Through a time-brokerage agreement (TBA) with Sinclair, WGWW's second digital subchannel serves as a repeater of ABC affiliate WBMA-LD (channel 58, branded as ABC 33/40), of which WGWW had served as a full-time satellite station on its main feed from September 1996 to September 2014.

==History==

===Beginnings in Anniston===
The station first signed on the air on October 26, 1969, as WHMA-TV. Originally operating as a primary CBS and secondary NBC affiliate, the station was initially owned by the Anniston Broadcasting Company, which was run by members of the family of Harry M. Ayers, who also owned the Anniston Star newspaper and local radio station WHMA (1390 AM and 100.5 FM, the FM station is now Atlanta-based WNNX-FM). It originally operated from studio facilities located on Noble Street in downtown Anniston.

Harry Mabry—who served as WHMA-TV's original general manager—came to Anniston from Birmingham, where he had served as news director at WBRC-TV (channel 6) for several years. Mabry already was familiar with Anniston, though, having worked as a staff announcer for WHMA-AM more than fifteen years prior to WHMA-TV's sign-on. Another former Birmingham personality who was part of the station's original staff was "Cousin Cliff" Holman, who left WAPI-TV (channel 13, now WVTM-TV) in 1969 after that station moved his cartoon showcase series, The Popeye Show, from weekday mornings to Saturday and Sunday mornings (due to declining ratings resulting from the show's move to a weekday morning slot and its switch from a mostly live broadcast to being pre-recorded the day before air several months beforehand) the previous year.
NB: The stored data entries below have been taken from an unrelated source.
(* Let $S$ be a tree and let $v$ be a vertex of $S$ of degree two, with neighbours $u,w$. Let $T$ be the tree obtained from $S$ by deleting $v$ and adding a new edge joining $u$ and $w$. If $T$ is upright, then $S$ is upright.
   Context: For a graph $G$ and $X\subseteq V(G)$, $D_G(X)$ is the set of edges with one end in $X$ and the other in $V(G)\setminus X$; for $A,B\subseteq V(G)$, $D_G(A,B)$ is the set of edges with one end in $A\setminus B$ and the other in $B\setminus A$. A bias in a graph $S$ is a set $\mathcal B$ of subsets of $V(S)$ such that: every $A\in\mathcal B$ satisfies $A\ne\emptyset, V(S)$; if $A,B\in\mathcal B$ and $D_S(A,B)=\emptyset$ then both $A\cap B$ and $A\cup B$ lie in $\mathcal B\cup\{\emptyset,V(S)\}$; and if $A,B\in\mathcal B$ and $|D_S(A,B)|=1$ then at least one of $A\cap B, A\cup B$ lies in $\mathcal B\cup\{\emptyset,V(S)\}$. A directing of $S$ assigns to each edge one of its ends as head, giving a digraph $S'$; $D^+_{S'}(X)$ is the set of edges with tail in $X$ and head outside $X$, and $D^-_{S'}(X)=D^+_{S'}(V(S)\setminus X)$. A forest $S$ is upright if for every bias $\mathcal B$ in $S$ with $|D_S(X)|\ge 2$ for all $X\in\mathcal B$, there is a directing of $S$, forming a digraph $S'$, such that $D^+_{S'}(X)\ne\emptyset$ and $D^-_{S'}(X)\neq\emptyset$ for all $X\in\mathcal B$. *)

From mathcomp Require Import all_boot.
Set Implicit Arguments. Unset Strict Implicit. Unset Printing Implicit Defensive.

Section Graphs.
Variable V : finType.
Implicit Types (e d : rel V) (X A B : {set V}).

Definition simple_graph e := symmetric e /\ irreflexive e.

Definition has_cycle e := exists s : seq V, [/\ 2 < size s, uniq s & cycle e s].

Definition forest e := simple_graph e /\ ~ has_cycle e.

Definition connected_graph e := forall x y : V, connect e x y.

Definition tree e := forest e /\ connected_graph e.

(* |D_S(X)|: each edge with one end in X, other outside, counted once
   (as the ordered pair (end in X, end outside X)) *)
Definition cut_size e X :=
  #|[set p : V * V | [&& e p.1 p.2, p.1 \in X & p.2 \notin X]]|.

Definition cut2_size e A B :=
  #|[set p : V * V | [&& e p.1 p.2, p.1 \in A :\: B & p.2 \in B :\: A]]|.

Definition in_bias_ext (Bs : {set {set V}}) X :=
  (X \in Bs) || (X == set0) || (X == setT).

Definition bias e (Bs : {set {set V}}) :=
  [/\ forall A, A \in Bs -> A != set0 /\ A != setT,
      forall A B, A \in Bs -> B \in Bs -> cut2_size e A B = 0 ->
        in_bias_ext Bs (A :&: B) /\ in_bias_ext Bs (A :|: B)
    & forall A B, A \in Bs -> B \in Bs -> cut2_size e A B = 1 ->
        in_bias_ext Bs (A :&: B) \/ in_bias_ext Bs (A :|: B)].

(* a directing of e: d x y means the edge xy has tail x and head y;
   every edge gets exactly one of its ends as head *)
Definition directing e d :=
  forall x y : V, (d x y -> e x y) /\ (e x y -> d x y (+) d y x).

Definition out_nonempty d X := exists x y, [/\ x \in X, y \notin X & d x y].
Definition in_nonempty d X := exists x y, [/\ x \notin X, y \in X & d x y].

Definition upright e :=
  forall Bs : {set {set V}}, bias e Bs ->
    (forall X, X \in Bs -> 2 <= cut_size e X) ->
    exists d, directing e d /\
      forall X, X \in Bs -> out_nonempty d X /\ in_nonempty d X.
End Graphs.

Definition suppress (V : finType) (e : rel V) (v u w : V) : rel {x : V | x != v} :=
  fun x y => [|| e (val x) (val y),
                 (val x == u) && (val y == w) | (val x == w) && (val y == u)].
Arguments suppress {V} e v u w.

From mathcomp Require Import all_boot.
Set Implicit Arguments. Unset Strict Implicit. Unset Printing Implicit Defensive.

(* A set of the bias that separates v from both u and w is served by any directing in
   which u v w is a directed path: it has one arc of that path entering it and one
   leaving it.  The remaining sets, traced on the vertices of T, form a bias of T.  For
   such sets the crossing arcs at v are at most as many as the crossing arcs of the edge
   uw, and strictly fewer when the meet or the join separates v; hence cuts in T are no
   smaller than in S, and whenever T has at most one crossing edge the bias axioms of S
   apply to the meet and join and yield one that does not separate v.  A directing of T
   for the traced bias lifts to S by replacing the arc on uw with the path u v w
   directed the same way. *)

Lemma cut_size_cut2 (V : finType) (e : rel V) (X : {set V}) :
  cut_size e X = cut2_size e X (~: X).
Proof.
rewrite /cut_size /cut2_size; apply: eq_card => p; rewrite !inE.
by case: (p.1 \in X); case: (p.2 \in X); rewrite ?andbF ?andbT.
Qed.

Lemma forest_neighbours_nonadjacent (V : finType) (e : rel V) (v u w : V) :
  forest e -> u != w -> e v u -> e v w -> ~~ e u w.
Proof.
move=> [[e_sym e_irr] acyclic] uw vu vw; apply/negP => euw; apply: acyclic.
have neq_v x : e v x -> x != v by apply: contraTneq => ->; rewrite e_irr.
exists [:: u; v; w]; split => //.
  by rewrite /= !inE negb_or uw neq_v // eq_sym neq_v.
by rewrite /= e_sym vu vw e_sym euw.
Qed.

Lemma out_nonempty_path2 (V : finType) (d : rel V) (X : {set V}) a b c :
  d a b -> d b c -> a \in X -> c \notin X -> out_nonempty d X.
Proof.
move=> dab dbc aX cX; case: (boolP (b \in X)) => bX.
  by exists b, c.
by exists a, b.
Qed.

Lemma out_nonempty_compl (V : finType) (d : rel V) (X : {set V}) :
  out_nonempty d (~: X) <-> in_nonempty d X.
Proof.
by split=> [] [x [y [xX yX dxy]]]; exists x, y; rewrite !inE ?negbK in xX yX *.
Qed.

Section SuppressDegreeTwo.
Variables (V : finType) (e : rel V) (v u w : V).
Hypotheses (e_sym : symmetric e) (e_irr : irreflexive e).
Hypotheses (neighbours_v : [set x | e v x] = [set u; w]) (u_neq_w : u != w).
Hypothesis u_w_nonadjacent : ~~ e u w.

Local Notation W := {x : V | x != v}.
Local Notation T := (suppress e v u w).

Lemma e_vE x : e v x = (x == u) || (x == w).
Proof. by move/setP: neighbours_v => /(_ x); rewrite !inE. Qed.

Lemma e_Ev x : e x v = (x == u) || (x == w).
Proof. by rewrite e_sym e_vE. Qed.

Lemma u_neq_v : u != v.
Proof. by apply: contraFneq (e_irr v) => uv; rewrite -{2}uv e_vE eqxx. Qed.

Lemma w_neq_v : w != v.
Proof. by apply: contraFneq (e_irr v) => wv; rewrite -{2}wv e_vE eqxx orbT. Qed.

Definition trace (X : {set V}) : {set W} := [set x : W | val x \in X].

Lemma traceI A B : trace (A :&: B) = trace A :&: trace B.
Proof. by apply/setP => x; rewrite !inE. Qed.

Lemma traceU A B : trace (A :|: B) = trace A :|: trace B.
Proof. by apply/setP => x; rewrite !inE. Qed.

Lemma traceC A : trace (~: A) = ~: trace A.
Proof. by apply/setP => x; rewrite !inE. Qed.

Lemma trace0 : trace set0 = set0.
Proof. by apply/setP => x; rewrite !inE. Qed.

Lemma traceT : trace setT = setT.
Proof. by apply/setP => x; rewrite !inE. Qed.

Definition separates_v (X : {set V}) :=
  ((u \in X) == (w \in X)) && ((v \in X) != (u \in X)).

Lemma separates_vC X : separates_v (~: X) = separates_v X.
Proof. by rewrite /separates_v !inE; case: (u \in X); case: (v \in X); case: (w \in X). Qed.

Lemma trace_eq0 X : X != set0 -> trace X = set0 -> separates_v X.
Proof.
move=> /set0Pn[x xX] /setP trace_X0.
have notin y : y != v -> y \notin X.
  by move=> yv; have := trace_X0 (Sub y yv); rewrite !inE => ->.
have vX : v \in X by apply: contraTT xX => vX; case: (eqVneq x v) => [->|/notin].
by rewrite /separates_v vX (negbTE (notin _ u_neq_v)) (negbTE (notin _ w_neq_v)).
Qed.

Lemma trace_eqT X : X != setT -> trace X = setT -> separates_v X.
Proof.
move=> XT trace_XT; rewrite -separates_vC; apply: trace_eq0.
  by apply: contra XT => /eqP/(congr1 (@setC _)); rewrite setCK setC0 => ->.
by rewrite traceC trace_XT setCT.
Qed.

Definition crossing (A B : {set V}) : pred (V * V) :=
  fun p => (p.1 \in A :\: B) && (p.2 \in B :\: A).

Definition edges_off_v (P : pred (V * V)) :=
  [set p : V * V | [&& p.1 != v, p.2 != v, e p.1 p.2 & P p]].

Lemma card_set_filter (s : seq (V * V)) (P : pred (V * V)) :
  uniq s -> #|[set p | p \in filter P s]| = count P s.
Proof. by move=> us; rewrite cardsE -size_filter; apply/card_uniqP/filter_uniq. Qed.

Lemma card_edges_at_v (P : pred (V * V)) :
  #|[set p | e p.1 p.2 && P p]| =
  #|edges_off_v P| + count P [:: (v, u); (u, v); (v, w); (w, v)].
Proof.
rewrite -(cardsID [set p : V * V | (p.1 != v) && (p.2 != v)]); congr (_ + _).
  apply: eq_card => -[a b]; rewrite !inE /=.
  by case: (a != v); case: (b != v); case: (e a b); case: (P _).
have vu : (v == u) = false by rewrite eq_sym (negbTE u_neq_v).
have vw : (v == w) = false by rewrite eq_sym (negbTE w_neq_v).
rewrite -card_set_filter; last first.
  by rewrite /= !inE !xpair_eqE !eqxx vu vw /= !andbT !andbF orbF u_neq_w.
apply: eq_card => -[a b]; rewrite !inE mem_filter !inE !xpair_eqE /=.
case: (eqVneq a v) => [->|av].
  by rewrite e_vE vu vw /= ?orbF; case: (b == u); case: (b == w); case: (P _).
case: (eqVneq b v) => [->|bv] /=; last by rewrite !andbF.
by rewrite e_Ev ?andbT ?orbF; case: (a == u); case: (a == w); case: (P _).
Qed.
Holman, who was also hired as its publicity director, resumed his program on WHMA-TV in the afternoons as The Cousin Cliff Show. However, the show was hampered by changes in the television industry and the Federal Communications Commission (FCC)'s decision in the early 1970s to prohibit children's hosts from promoting products directly on-air, forcing channel 40 to cancel the program by the summer of 1972. In later years, in addition to making public appearances at various children's gatherings (among other jobs), Holman would revive his program on a cable access channel in Birmingham in 1985, before moving to WBRC, which hired him to host the Saturday morning children's program Cousin Cliff's Clubhouse from 1990 to 1992.
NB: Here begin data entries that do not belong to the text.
Lemma dirac_off u sg s : s <> sg -> dirac u sg s = pzero S.
Proof. unfold dirac. destruct (excluded_middle_informative (s = sg)); congruence. Qed.

Lemma supp_dirac_eq u sg (x y : supp_t S (dirac u sg)) : x = y.
Proof.
  assert (Hat : forall z : supp_t S (dirac u sg), proj1_sig z = sg).
  { intros [z Hz]. apply NNPP. intros Hne. exact (Hz (dirac_off u Hne)). }
  apply eq_sig_hprop; [intros; apply proof_irrelevance|].
  rewrite (Hat x), (Hat y). reflexivity.
Qed.

Lemma mass_dirac u sg : mass_is S (dirac u sg) u.
Proof.
  destruct (classic (u = pzero S)) as [-> | Hu].
  - apply is_sum_zero. intros [s Hs]. simpl.
    destruct (classic (s = sg)) as [-> | Hne]; [apply dirac_at | apply dirac_off, Hne].
  - assert (Hsg : dirac u sg sg <> pzero S) by now rewrite dirac_at.
    pose (x0 := exist (fun s => dirac u sg s <> pzero S) sg Hsg).
    rewrite <- (dirac_at u sg) at 2.
    apply is_sum_single with (i0 := x0). intros i Hi. contradiction (Hi (supp_dirac_eq i x0)).
Qed.

Lemma isW_dirac u sg : isW S (dirac u sg).
Proof.
  split; [|exists u; apply mass_dirac].
  exists (fun _ => 0). intros x y _. apply supp_dirac_eq.
Qed.

Definition diracW (u : car S) (sg : Sigma) : W S Sigma :=
  exist _ (dirac u sg) (isW_dirac u sg).

Lemma W_ext (m1 m2 : W S Sigma) : wf m1 = wf m2 -> m1 = m2.
Proof.
  destruct m1 as [f1 H1], m2 as [f2 H2]. simpl. intros <-.
  f_equal. apply proof_irrelevance.
Qed.

Definition ZeroA : assertion S Sigma := fun m => forall s, wf m s = pzero S.

Lemma ZeroA_BoxA Q : subA ZeroA (@BoxA S Sigma Q).
Proof. intros m Hm s Hs. contradiction (Hs (Hm s)). Qed.

Lemma OneA_BoxA P : subA (@OneA S Sigma P) (@BoxA S Sigma P).
Proof. intros m [_ Hsupp]. exact Hsupp. Qed.

Lemma OneA_mono (P Q : Sigma -> Prop) :
  (forall s, P s -> Q s) -> subA (@OneA S Sigma P) (@OneA S Sigma Q).
Proof. intros PQ m [Hmass Hsupp]. split; [exact Hmass | auto]. Qed.

Lemma BoxA_mono (P Q : Sigma -> Prop) :
  (forall s, P s -> Q s) -> subA (@BoxA S Sigma P) (@BoxA S Sigma Q).
Proof. intros PQ m Hm s Hs. auto. Qed.

Lemma smul_r_1 (phi : assertion S Sigma) : subA (smul_r phi (pone S)) phi.
Proof.
  intros w [m [Hm Hw]]. replace w with m; [exact Hm|].
  apply W_ext, functional_extensionality. intros s. rewrite Hw. symmetry. apply (pmul_1r HS).
Qed.

Lemma smul_r_0 (phi : assertion S Sigma) : subA (smul_r phi (pzero S)) ZeroA.
Proof. intros w [m [_ Hw]] s. rewrite Hw. apply (pmul_0r HS). Qed.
WHMA-TV ultimately reached approximately 100,000 households across east-central Alabama, and management fought almost constantly to ensure that Arbitron maintained the distinction of Anniston as a separate television market from those encompassing the larger metropolitan areas of Birmingham and Atlanta. This was a maneuver that was critical to the station's survival; despite being the only television station located within the Anniston–Gadsden market (other than Alabama Public Television satellite station WCIQ (channel 7) in Mount Cheaha), WHMA faced immense competition from stations in the two larger nearby markets that provided "spill-in" (Grade B) signal coverage within eastern Alabama. The station's ratings victories in this part of the state garnered it access to numerous national advertisers, a rarity for a small-market television station of that time.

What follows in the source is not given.